Peter Kaiser: Ich habe die Laufschuhe bereits heute Früh bei einem 7-Kilometer-Lauf eingeweiht. Es bleibt wie in den letzten Jahren jeden Tag eine dreiviertel Stunde Zeit für Sport: Laufen, Hometrainer, Radfahren, Schwimmen. In zwei Monaten möchte ich den Kärntner Rad-Marathon fahren - da muss ich fit sein.
Sie haben für die Regierungsbildung 22 Tage gebraucht, dann stand die Koalition mit ÖVP und Grünen. Was war das Schwierigste in den Verhandlungen?
In der Politik gibt es ein gewisses Misstrauen. Aber man hat gemerkt, dass von Tag zu Tag das Vertrauen wächst - und da ist auch die Arbeit schneller gegangen. Wenn man jemandem gegenüber misstrauisch ist, legt man jedes Wort auf die Goldwaage. Dieses Abwägen fällt mit wachsendem Vertrauen weg.

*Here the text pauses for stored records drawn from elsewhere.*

(* Let $\mathcal E=\widetilde{\Omega^1_D}(\mathcal A)$ be the bimodule of one-forms of a spectral triple $(\mathcal A,\mathcal H,D)$ and suppose Assumption III$'$ holds with data $\mathcal A'\subseteq\mathcal Z(\mathcal A)$, $\mathcal E'\subseteq\mathcal Z(\mathcal E)$. Then $\mathcal Z(\mathcal E)\cong\mathcal E'\otimes_{\mathcal A'}\mathcal Z(\mathcal A)$.
   Context: $\mathcal E$ is the span in $B(\mathcal H)$ of $a[D,b]$, $a,b\in\mathcal A$; $\mathcal Z(\mathcal E)=\{e:ea=ae\ \forall a\}$; $\mathcal Z(\mathcal A)$ the center. Assumption III$'$: there exist a unital $*$-subalgebra $\mathcal A'$ of $\mathcal Z(\mathcal A)$ and an $\mathcal A'$-submodule $\mathcal E'$ of $\mathcal Z(\mathcal E)$ such that $\mathcal E'$ is finitely generated projective over $\mathcal A'$ and the map $\mathcal E'\otimes_{\mathcal A'}\mathcal A\to\mathcal E$, $\sum_ie_i\otimes a_i\mapsto\sum_ie_ia_i$, is an isomorphism of vector spaces. *)

From HB Require Import structures.
From mathcomp Require Import all_boot all_order all_algebra.
Set Implicit Arguments. Unset Strict Implicit. Unset Printing Implicit Defensive.
Import Order.TTheory GRing.Theory Num.Theory.
Local Open Scope ring_scope.

(* Ambient algebra B over a field K: stands for B(H) (or any algebra of
   operators containing A and D).  Subsets of B are predicates B -> Prop. *)
Section Defs.
Variables (K : fieldType) (B : algType K).

Definition commutator (D b : B) : B := D * b - b * D.

Definition is_subalg (S : B -> Prop) : Prop :=
  [/\ S 1, (forall x y, S x -> S y -> S (x + y)),
      (forall (k : K) x, S x -> S (k *: x)) &
      (forall x y, S x -> S y -> S (x * y))].

Definition one_forms (A : B -> Prop) (D : B) : B -> Prop := fun x =>
  exists s : seq (K * (B * B)),
    (forall t, t \in s -> A t.2.1 /\ A t.2.2) /\
    x = \sum_(t <- s) t.1 *: (t.2.1 * commutator D t.2.2).

Definition centralizer_in (A M : B -> Prop) : B -> Prop := fun m =>
  M m /\ forall a, A a -> m * a = a * m.

(* ---------- algebraic tensor product  P (x)_S Q, P, Q, S subsets of B ----
   Elements of the free abelian group on B * B are represented by formal
   integer combinations (seq (int * (B * B))); two such are equal in the free
   group iff they have the same coefficient function [fcoeff]. *)
Definition fsum := seq (int * (B * B)).

Definition fcoeff (s : fsum) (k : B * B) : int :=
  \sum_(x <- s | x.2 == k) x.1.

Definition supported (P Q : B -> Prop) (s : fsum) : Prop :=
  forall x, x \in s -> P x.2.1 /\ Q x.2.2.

Definition fmul (s : fsum) : B := \sum_(x <- s) (x.2.1 * x.2.2) *~ x.1.
(* Because slacks are nonincreasing, a machine on which job j does not fit
   (its load exceeds s_j) cannot take any later job either, so first-fit never
   returns to an earlier machine and coincides with next-fit.  Next-fit opens a
   new machine at job b exactly when the load of the current block [a, b)
   exceeds s_b.
   Fix a feasible schedule with m machines.  A machine M gets the potential
   phi_M(a) = load_M(a) / s_a while it still has a job of index >= a, the value
   2 once all its jobs precede a, and 0 before its first job.  Feasibility
   gives load_M(a) <= s_a on active machines, so phi_M is at most 1 there and
   nondecreasing in a.  Every overflowing block [a, b) raises Phi = sum_M phi_M
   by at least 1, and by more than 1 when a = 0; since the machine of the last
   job stays active, Phi <= 2m - 1.  Hence next-fit closes at most 2m - 2
   blocks and uses fewer than 2m machines.
   In the tight instance the k + 1 jobs c_i pairwise conflict, which forces
   k + 1 machines, and an explicit schedule achieves this bound. *)

From mathcomp Require Import all_boot all_order all_algebra zify lra.
Set Implicit Arguments. Unset Strict Implicit. Unset Printing Implicit Defensive.
Import Order.TTheory GRing.Theory Num.Theory.

Lemma size_flatten_pairs (U T : Type) (s : seq U) (X Y : T) :
  size (flatten [seq [:: X; Y] | _ <- s]) = 2 * size s.
Proof. by elim: s => //= _ s ->; rewrite mulnS. Qed.

Lemma nth_flatten_pairs (U T : Type) (s : seq U) (x0 X Y : T) j :
  nth x0 (flatten [seq [:: X; Y] | _ <- s]) j =
  if j < 2 * size s then (if odd j then Y else X) else x0.
Proof.
elim: s j => [|_ s IH] [|[|j]] //=; rewrite ?nth_nil ?mulnS //.
by rewrite IH negbK.
Qed.

Lemma sum_odd_nat m : \sum_(0 <= x < m | odd x) 1 = m./2.
Proof.
elim: m => [|m IH]; first by rewrite big_geq.
by rewrite big_mkcond big_nat_recr //= -big_mkcond IH; case: ifP; rewrite /=; lia.
Qed.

Eine weitere Schwierigkeit war, dass man in jedem Satz drei verschiedene Zugänge harmonisieren musste. Vor allem in Bereichen, wo es unterschiedliche Auffassungen gibt, zum Beispiel bei der Abschaffung des Pflegeregresses. Die war für die SPÖ und die Grünen keine Frage, bei der ÖVP war das schwieriger. Die dritte Schwierigkeit war der Feinschliff, wo es um die Referatseinteilung ging. Das musste zuerst politisch debattiert und dann mit der Verfassungsabteilung rechtlich wasserdicht gemacht werden.
Jetzt beginnt die Sacharbeit. Wo erwarten Sie sich die größten Schwierigkeiten?
Bis auf (ÖVP-Landesrat, Anm.) Wolfgang Waldner sind ja alle Regierungsmitglieder neu in ihren Referaten - man wird einfach ein bisschen eine Zeit brauchen, bis man den Status quo analysiert hat und von da ausgehend zur Umsetzung der ersten Punkte des Regierungsprogramms kommt.
Die tatsächlichen Schwierigkeiten werden dann kommen, wenn wir den Kassasturz gemacht haben und die einzelnen Priorisierungen des Programms auf das Budget übertragen werden. Nachdem wir 2015 keine Neuverschuldung mehr haben wollen, müssen wir die Budgets 2013 und 2014 entsprechend strukturieren. Dort, wo wir nicht unbedingt Priorität haben, müssen wir eindeutig herunterfahren.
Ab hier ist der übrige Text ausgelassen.